Ponad połowa Polaków pozbywa się oleju, trując środowisko

3 dni temu

Podczas konferencji podsumowującej wyniki badania wiceprezes firmy EMKA Oil i inicjatorka projektu Olejomaty Małgorzata Rdest przedstawiła wyniki tych badań.

Olej w toalecie, śmietniku, a choćby na papierze

Prezes poinformowała, iż 29 proc. respondentów przyznało się do wylewania oleju po smażeniu do zlewu lub toalety, 22 proc. do pojemnika na odpady zmieszane, a kolejne 12 proc. wyciera tłuszcz papierem i wrzuca go do pojemnika na papier.

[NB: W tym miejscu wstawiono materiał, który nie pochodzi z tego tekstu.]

Lemma Cmod_le_abs_sum x y : Cmod (x, y) <= Rabs x + Rabs y.
Proof.
  rewrite Cmod_pair. pose proof (Rabs_pos x). pose proof (Rabs_pos y).
  rewrite <- (sqrt_pow2 (Rabs x + Rabs y)) by lra.
  apply sqrt_le_1_alt. rewrite <- (pow2_abs x), <- (pow2_abs y).
  assert (0 <= Rabs x * Rabs y) by (apply Rmult_le_pos; lra). nra.
Qed.

Lemma Cmod_pair_sub_le x1 y1 x2 y2 :
  Cmod ((x1, y1) - (x2, y2)) <= Rabs (x1 - x2) + Rabs (y1 - y2).
Proof. rewrite Cminus_pair. apply Cmod_le_abs_sum. Qed.

Lemma Cmod_pair_le_shift s w x y :
  Cmod (s, w) <= Cmod (x, y) + Rabs (s - x) + Rabs (w - y).
Proof.
  replace (s, w) with ((x, y) + ((s - x)%R, (w - y)%R))%C
    by (unfold Cplus; simpl; f_equal; ring).
  eapply Rle_trans; [apply Cmod_triangle|].
  pose proof (Cmod_le_abs_sum (s - x) (w - y)). lra.
Qed.

Lemma in_disk_box x y s w d :
  in_disk (x, y) -> d <= (1 - Cmod (x, y)) / 2 -> Rabs (s - x) < d -> Rabs (w - y) < d ->
  in_disk (s, w) /\ Cmod ((s, w) - (x, y)) < 2 * d.
Proof.
  unfold in_disk. intros Hin Hd Hs Hw. split.
  - pose proof (Cmod_pair_le_shift s w x y). lra.
  - pose proof (Cmod_pair_sub_le s w x y). lra.
Qed.

Lemma continuity_2d_pt_of_cont_within (H : C -> R) x y :
  cont_within in_disk H (x, y) -> in_disk (x, y) ->
  continuity_2d_pt (fun u v => H (u, v)) x y.
Proof.
  intros HH Hin eps. destruct (HH eps (cond_pos eps)) as [d [Hd P]].
  set (d' := Rmin (d/2) ((1 - Cmod (x, y)) / 2)).
  assert (Hd' : 0 < d') by (unfold d', in_disk in *; apply Rmin_pos; lra).
  exists (mkposreal _ Hd'). simpl. intros u v Hu Hv.
  destruct (in_disk_box x y u v d' Hin (Rmin_r _ _) Hu Hv) as [Huv Hball].
  assert (d' <= d/2) by apply Rmin_l.
  apply P; [exact Huv|lra].
Qed.

Lemma increment_by_partials (H : C -> R) x y u v :
  (forall s w, Rabs (s - x) <= Rabs (u - x) -> Rabs (w - y) <= Rabs (v - y) ->
     ex_d1 H (s, w) /\ ex_d2 H (s, w)) ->
  exists c e, Rabs (c - x) <= Rabs (u - x) /\ Rabs (e - y) <= Rabs (v - y) /\
    H (u, v) - H (x, y) = pd1 H (c, v) * (u - x) + pd2 H (x, e) * (v - y).
Proof.
  intros Hex.
  assert (Hx0 : Rabs (x - x) <= Rabs (u - x))
    by (rewrite Rminus_eq_0, Rabs_R0; apply Rabs_pos).
  destruct (MVT_between (fun s => H (s, v)) (fun s => pd1 H (s, v)) x u) as [c [Hc Ec]].
  { intros s Hs. apply (Derive_correct (fun s0 => H (s0, v))).
    apply (Hex s v (between_abs _ _ _ Hs) (Rle_refl _)). }
  destruct (MVT_between (fun w => H (x, w)) (fun w => pd2 H (x, w)) y v) as [e [He Ee]].
  { intros w Hw. apply (Derive_correct (fun w0 => H (x, w0))).
    apply (Hex x w Hx0 (between_abs _ _ _ Hw)). }
  exists c, e. split; [exact Hc|split; [exact He|]].
  simpl in Ec, Ee. lra.
Qed.

Lemma differentiable_of_continuous_partials (H : C -> R) x y :
  (forall z, in_disk z -> ex_d1 H z /\ ex_d2 H z) ->
  cont_within in_disk (pd1 H) (x, y) -> cont_within in_disk (pd2 H) (x, y) ->
  in_disk (x, y) ->
  differentiable_pt_lim (fun u v => H (u, v)) x y (pd1 H (x, y)) (pd2 H (x, y)).
Proof.
  intros Hex H1 H2 Hin eps.
  pose proof (cond_pos eps) as He.
  destruct (H1 (eps/2) ltac:(lra)) as [d1 [Hd1 P1]].
  destruct (H2 (eps/2) ltac:(lra)) as [d2 [Hd2 P2]].
  set (d := Rmin ((1 - Cmod (x, y)) / 2) (Rmin (d1/2) (d2/2))).
  assert (Hd : 0 < d) by (unfold d, in_disk in *; repeat apply Rmin_pos; lra).
  assert (Hdd : d <= (1 - Cmod (x, y)) / 2 /\ d <= d1/2 /\ d <= d2/2).
  { unfold d. pose proof (Rmin_l ((1 - Cmod (x, y)) / 2) (Rmin (d1/2) (d2/2))).
    pose proof (Rmin_r ((1 - Cmod (x, y)) / 2) (Rmin (d1/2) (d2/2))).
    pose proof (Rmin_l (d1/2) (d2/2)). pose proof (Rmin_r (d1/2) (d2/2)). lra. }
  exists (mkposreal _ Hd). simpl. intros u v Hu Hv.
  assert (Hbox : forall s w, Rabs (s - x) <= Rabs (u - x) -> Rabs (w - y) <= Rabs (v - y) ->
     in_disk (s, w) /\ Cmod ((s, w) - (x, y)) < 2 * d)
    by (intros s w Hs Hw; apply in_disk_box; [exact Hin|lra..]).
  destruct (increment_by_partials H x y u v) as (c & e & Hc & He' & ->).
  { intros s w Hs Hw. apply Hex, (Hbox s w Hs Hw). }
  destruct (Hbox c v Hc (Rle_refl _)) as [Hi1 Hm1].
  destruct (Hbox x e ltac:(rewrite Rminus_eq_0, Rabs_R0; apply Rabs_pos) He') as [Hi2 Hm2].
  specialize (P1 (c, v) Hi1 ltac:(lra)). specialize (P2 (x, e) Hi2 ltac:(lra)).
  replace (pd1 H (c, v) * (u - x) + pd2 H (x, e) * (v - y) -
           (pd1 H (x, y) * (u - x) + pd2 H (x, y) * (v - y)))
    with ((pd1 H (c, v) - pd1 H (x, y)) * (u - x) + (pd2 H (x, e) - pd2 H (x, y)) * (v - y))
    by ring.
  eapply Rle_trans; [apply Rabs_triang|]. rewrite !Rabs_mult.
  pose proof (Rmax_l (Rabs (u - x)) (Rabs (v - y))).
  pose proof (Rmax_r (Rabs (u - x)) (Rabs (v - y))).
  assert (Rabs (pd1 H (c, v) - pd1 H (x, y)) * Rabs (u - x)
          <= eps/2 * Rmax (Rabs (u - x)) (Rabs (v - y)))
    by (apply Rmult_le_compat; try apply Rabs_pos; lra).
  assert (Rabs (pd2 H (x, e) - pd2 H (x, y)) * Rabs (v - y)
          <= eps/2 * Rmax (Rabs (u - x)) (Rabs (v - y)))
    by (apply Rmult_le_compat; try apply Rabs_pos; lra).
  lra.
Qed.

Section C2Disk.

Variable psi : C -> R.
Hypothesis psi_C2 : C2_disk psi.

Lemma C2_disk_differentiable z : in_disk z ->
  differentiable_pt_lim (fun u v => psi (u, v)) (fst z) (snd z) (pd1 psi z) (pd2 psi z).
Proof.
  destruct z as [x y]. intros Hz.
  apply differentiable_of_continuous_partials; try apply psi_C2; auto.
  intros w Hw. destruct (psi_C2 w Hw) as [A [B _]]. now split.
Qed.

Lemma C2_disk_differentiable_pd1 z : in_disk z ->
  differentiable_pt_lim (fun u v => pd1 psi (u, v)) (fst z) (snd z)
    (pd1 (pd1 psi) z) (pd2 (pd1 psi) z).
Proof.
  destruct z as [x y]. intros Hz.
  apply differentiable_of_continuous_partials; try apply psi_C2; auto.
  intros w Hw. destruct (psi_C2 w Hw) as [_ [_ [A [B _]]]]. now split.
Qed.

Lemma C2_disk_differentiable_pd2 z : in_disk z ->
  differentiable_pt_lim (fun u v => pd2 psi (u, v)) (fst z) (snd z)
    (pd1 (pd2 psi) z) (pd2 (pd2 psi) z).
Proof.
  destruct z as [x y]. intros Hz.
  apply differentiable_of_continuous_partials; try apply psi_C2; auto.
  intros w Hw. destruct (psi_C2 w Hw) as [_ [_ [_ [_ [A [B _]]]]]]. now split.
Qed.

Lemma C2_disk_schwarz x y : in_disk (x, y) ->
  pd2 (pd1 psi) (x, y) = pd1 (pd2 psi) (x, y).
Proof.
  intros Hin. symmetry.
  apply (Schwarz (fun u v => psi (u, v)) x y).
  - assert (Hd : 0 < (1 - Cmod (x, y)) / 2) by (unfold in_disk in Hin; lra).
    exists (mkposreal _ Hd). simpl. intros u v Hu Hv.
    destruct (in_disk_box x y u v _ Hin (Rle_refl _) Hu Hv) as [Huv _].
    destruct (psi_C2 (u, v) Huv) as [E1 [E2 [_ [E4 [E5 _]]]]].
    now repeat split.
  - apply (continuity_2d_pt_of_cont_within (pd1 (pd2 psi))); [apply (psi_C2 _ Hin)|exact Hin].
  - apply (continuity_2d_pt_of_cont_within (pd2 (pd1 psi))); [apply (psi_C2 _ Hin)|exact Hin].
Qed.

End C2Disk.

Definition continuity_2d_within (S : R -> Prop) (f : R -> R -> R) r t : Prop :=
  forall eps, 0 < eps -> exists d, 0 < d /\
    forall u v, S u -> Rabs (u - r) < d -> Rabs (v - t) < d -> Rabs (f u v - f r t) < eps.

Lemma continuity_2d_within_of_2d S f r t :
  continuity_2d_pt f r t -> continuity_2d_within S f r t.
Proof.
  intros H eps Heps. destruct (H (mkposreal eps Heps)) as [d Hd].
  exists d. split; [apply cond_pos|]. intros u v _. apply Hd.
Qed.

Lemma continuity_2d_pt_of_within f r t lo hi : lo < r < hi ->
  continuity_2d_within (fun u => lo < u < hi) f r t -> continuity_2d_pt f r t.
Proof.
  intros Hr H eps. destruct (H eps (cond_pos eps)) as [d [Hd P]].
  assert (Hm : 0 < Rmin d (Rmin (r - lo) (hi - r))) by (repeat apply Rmin_pos; lra).
  exists (mkposreal _ Hm). simpl. intros u v Hu Hv.
  pose proof (Rmin_l d (Rmin (r - lo) (hi - r))). pose proof (Rmin_r d (Rmin (r - lo) (hi - r))).
  pose proof (Rmin_l (r - lo) (hi - r)). pose proof (Rmin_r (r - lo) (hi - r)).
  apply Rabs_def2 in Hu as Hu'.
  apply P; [lra|lra|lra].
Qed.

Lemma continuity_pt_of_within S f r t :
  S r -> continuity_2d_within S f r t -> continuity_pt (f r) t.
Proof.
  intros Hs H eps Heps. destruct (H eps Heps) as [d [Hd P]]. exists d. split; [exact Hd|].
  intros x [_ Hx]. apply P; [exact Hs| |exact Hx]. rewrite Rminus_eq_0, Rabs_R0. exact Hd.
Qed.

Lemma continuity_2d_within_mult S f g r t :
  continuity_2d_within S f r t -> continuity_2d_within S g r t ->
  continuity_2d_within S (fun u v => f u v * g u v) r t.
Proof.
  intros Hf Hg eps Heps.
  set (A := Rabs (f r t)). set (B := Rabs (g r t)).
  assert (HA : 0 <= A) by apply Rabs_pos. assert (HB : 0 <= B) by apply Rabs_pos.
  set (e1 := Rmin 1 (eps / (2 * (B + 1)))).
  set (e2 := eps / (2 * (A + 2))).
  assert (He1 : 0 < e1) by (apply Rmin_pos; [lra|apply Rdiv_lt_0_compat; lra]).
  assert (He2 : 0 < e2) by (apply Rdiv_lt_0_compat; lra).
  assert (He1le : e1 <= 1) by apply Rmin_l.
  assert (He1B : e1 * (B + 1) <= eps / 2).
  { replace (eps / 2) with (eps / (2 * (B + 1)) * (B + 1)) by (field; lra).
    apply Rmult_le_compat_r; [lra|apply Rmin_r]. }
  assert (He2A : e2 * (A + 2) = eps / 2) by (unfold e2; field; lra).
  destruct (Hf e1 He1) as [d1 [Hd1 P1]]. destruct (Hg e2 He2) as [d2 [Hd2 P2]].
  exists (Rmin d1 d2). split; [apply Rmin_pos; lra|].
  intros u v Hs Hu Hv.
  pose proof (Rmin_l d1 d2). pose proof (Rmin_r d1 d2).
  specialize (P1 u v Hs ltac:(lra) ltac:(lra)). specialize (P2 u v Hs ltac:(lra) ltac:(lra)).
  replace (f u v * g u v - f r t * g r t)
    with ((f u v - f r t) * g u v + f r t * (g u v - g r t)) by ring.
  eapply Rle_lt_trans; [apply Rabs_triang|]. rewrite !Rabs_mult. fold A.
  assert (Hg1 : Rabs (g u v) <= B + e2).
  { replace (g u v) with (g r t + (g u v - g r t)) by ring.
    eapply Rle_trans; [apply Rabs_triang|]. fold B. lra. }
  assert (Rabs (f u v - f r t) * Rabs (g u v) <= e1 * (B + e2))
    by (apply Rmult_le_compat; try apply Rabs_pos; lra).
  assert (A * Rabs (g u v - g r t) <= A * e2) by (apply Rmult_le_compat_l; lra).
  nra.
Qed.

W sposób przyjazny środowisku działa tylko 17 proc. badanych – 12 proc. zawozi olej do PSZOK-u, a 5 proc. korzysta z olejomatów. Kolejne 8 proc. zaznaczyło odpowiedź „inne”, a 13 proc. przyznało, iż nie wie, co dzieje się z olejem w ich domach.

– Każda inna forma – poza oddaniem oleju do PSZOK-u czy korzystaniem z olejomatu – jest drobną katastrofą. I środowiskową, i bardzo kosztotwórczą dla jednostek samorządu terytorialnego. W efekcie to właśnie miejskie spółki komunalne muszą uporać się z kosztami oczyszczania i napraw sieci kanalizacyjnych – zaznaczyła Małgorzata Rdest.

Olejomaty? Większość Polaków nie wie, iż istnieją

Z badania wynika, iż 76 proc. ankietowanych nigdy nie słyszało o olejomatach, a 14 proc. wie, czym są, ale z nich nie korzystało. Tylko 10 proc. miało okazję skorzystać z takiej maszyny przynajmniej raz. Jednocześnie aż 79 proc. respondentów zadeklarowało, iż oddawałoby olej do recyklingu, gdyby urządzenie pojawiło się w ich okolicy. Dla 71 proc. dostępność olejomatów stanowiłaby najważniejszy czynnik zachęcający do selektywnej zbiórki zużytego tłuszczu.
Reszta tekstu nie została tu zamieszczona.